To everyone’s delight, Harper’s tests after the CAR T-cell therapy came back clear. The next challenge became keeping her in remission long term. To do that, Harper was enrolled in a clinical trial that “feeds” the CAR T cells with antigen-presenting cell (APC) boosters.

“CAR T cells are happy if they can find something with the target antigen to chew up and spit out,” Dr. Rebecca Gardner, Seattle Children’s former Medical Director of Immunotherapy and Interim Chief Medical Officer of Seattle Children’s Therapeutics said. “From the early studies we realized that if patients didn’t have enough antigen in their body when they got their CAR T cells, they were more likely to lose those CAR T cells early on. Dr. Colleen Annesley, lead for the leukemia program within Seattle Children’s Therapeutics, is running a trial where patients initially get their CAR T cells and then, after recovering from that initial infusion, they get a second product we manufacture called T APCs. We take their T cells and, rather than making them CAR T cells, we have the cells express a truncated version of the CD19 protein, which gives the CAR T cells something to feed on and hopefully keeps them around longer.”

In February, Harper’s T-APC boosters were the first immunotherapy products manufactured at Building Cure. She has received her first two boosters and, if all goes according to plan, will receive four more at a rate of one per month.

Harper’s tests continue to be clear, and she’s blossoming into a happy, boisterous child. She even got to return home to Yakima briefly, with the potential of returning home for longer periods between future boosters. While Harper’s journey is far from over, her family and care team have hope, and they want other families in similar circumstances to have hope too.

“It’s hard to see your child go through all that pain,” Hollingshead said. “But I want parents to know not to give up on their kids. Just keep fighting for them.”

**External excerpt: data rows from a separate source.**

Lemma continuity_prepend h u : continuity h ->
  continuity (fun t => h (pos_part (2 * t - 1)) + pos_part (1 - 2 * t) * u).
Proof.
 intros Hh t. unfold pos_part. apply continuity_pt_plus.
 - apply (continuity_pt_comp (fun t => (2 * t - 1 + Rabs (2 * t - 1)) / 2)); [reg|apply Hh].
 - reg.
Qed.

(* The new path runs from [b] back to [a] along the segment during [0, 1/2],
   then along [(f, g)]. *)
Lemma path_prepend (f g : R -> R) a b z :
  continuity f -> continuity g -> (f 0, g 0) = a -> (f 1, g 1) = z ->
  exists f' g', continuity f' /\ continuity g' /\ (f' 0, g' 0) = b /\ (f' 1, g' 1) = z /\
   forall t, 0 <= t <= 1 ->
     (exists s, 0 <= s <= 1 /\ (f' t, g' t) = lin a b s) \/
     (exists s, 0 <= s <= 1 /\ (f' t, g' t) = (f s, g s)).
Proof.
 intros Hf Hg H0 H1. subst a z.
 exists (fun t => f (pos_part (2 * t - 1)) + pos_part (1 - 2 * t) * (fst b - f 0)).
 exists (fun t => g (pos_part (2 * t - 1)) + pos_part (1 - 2 * t) * (snd b - g 0)).
 split; [now apply continuity_prepend|]. split; [now apply continuity_prepend|].
 split; [|split].
 - rewrite pos_part_nonpos, pos_part_nonneg by lra. destruct b; simpl; f_equal; ring.
 - rewrite pos_part_nonneg, pos_part_nonpos by lra. f_equal; ring_simplify (2 * 1 - 1); ring.
 - intros t Ht. destruct (Rle_dec t (1 / 2)).
   + left. exists (1 - 2 * t). split; [lra|].
     rewrite pos_part_nonpos, pos_part_nonneg by lra. reflexivity.
   + right. exists (2 * t - 1). split; [lra|].
     rewrite pos_part_nonneg, pos_part_nonpos by lra. f_equal; ring.
Qed.

Lemma not_polygon_disk P x : ~ polygon_disk P x ->
  exists z f g, far_from P z /\ continuity f /\ continuity g /\
    (f 0, g 0) = x /\ (f 1, g 1) = z /\
    forall t, 0 <= t <= 1 -> ~ on_polygon P (f t, g t).
Proof.
 intro Hn. apply NNPP; intro Hno. apply Hn. intros z Hz f g Hf Hg H0 H1.
 apply NNPP; intro Hp. apply Hno. exists z, f, g. repeat split; auto.
 intros t Ht Hon. apply Hp. eauto.
Qed.
Lemma le_split_sum t u v x : 0 < t -> x <= (1 + t) * u + (1 + t^-1) * v ->
  x <= (1 + t) ^+ 2 * u \/ x <= (1 + t^-1) ^+ 2 * v.
Proof.
move=> t_gt0 hx; have tV : t^-1 * t = 1 by rewrite mulVf ?gt_eqF.
have [hv|hu] := leP ((1 + t^-1) * v) (t * (1 + t) * u); [left|right].
  by rewrite expr2; lra.
have : (1 + t) * u <= t^-1 * ((1 + t^-1) * v).
  have <- : t^-1 * (t * (1 + t) * u) = (1 + t) * u by rewrite !mulrA tV mul1r.
  by rewrite ler_wpM2l ?invr_ge0 ?ltW.
by rewrite expr2; lra.
Qed.

Lemma expR_le1D2x x : 0 <= x <= 1 / 2 -> expR x <= 1 + 2 * x.
Proof.
move=> hx; have := expR_ge1Dx (- x); have := expR_gt0 x.
have : expR x * expR (- x) = 1 by rewrite -expRD subrr expR0.
nra.
Qed.

Lemma powR1D_le_expR t z : 0 <= t -> 0 <= z -> powR (1 + t) z <= expR (z * t).
Proof.
move=> t_ge0 z_ge0; rewrite /powR gt_eqF; last by lra.
by rewrite ler_expR ler_wpM2l // le_ln1Dx //; lra.
Qed.

Lemma mul_powR_le_sqr (eps z : R) : 0 < eps < 1 / 2 -> 1 <= z ->
  z * powR eps (4 * z) <= eps ^+ 2.
Proof.
move=> /andP[eps_gt0 eps_lt] z_ge1.
have ln_eps : ln eps <= - (1 / 2).
  rewrite -[X in _ <= X]expRK ler_ln ?posrE ?expR_gt0 //.
  by have := expR_ge1Dx (- (1 / 2) : R); lra.
have zexpNz : z * expR (- z) <= 1.
  have := expR_ge1Dx z; have := expR_gt0 (- z).
  have : expR z * expR (- z) = 1 by rewrite -expRD subrr expR0.
  nra.
have : powR eps (4 * z) <= eps ^+ 2 * expR (- z).
  have -> : eps ^+ 2 * expR (- z) = expR (ln eps + ln eps - z).
    by rewrite !expRD lnK ?posrE // expr2.
  by rewrite /powR gt_eqF // ler_expR; nra.
have := sqr_ge0 eps; have := powR_ge0 eps (4 * z); nra.
Qed.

Building Cure and Seattle Children’s Therapeutics are key allies in that fight. And as the field of immunotherapy grows and community support accelerates research discoveries, Seattle Children’s Therapeutics team members hope to someday use their innovations to treat other diseases in addition to cancer.

It’s all about living up to that name: Building Cure.

As part of the It Starts With Yes Campaign, donations from our generous community have been a catalyst in accelerating pediatric cancer immunotherapy clinical trials, opening Building Cure, collaborating with leading scientific partners, and launching Seattle Children’s Therapeutics.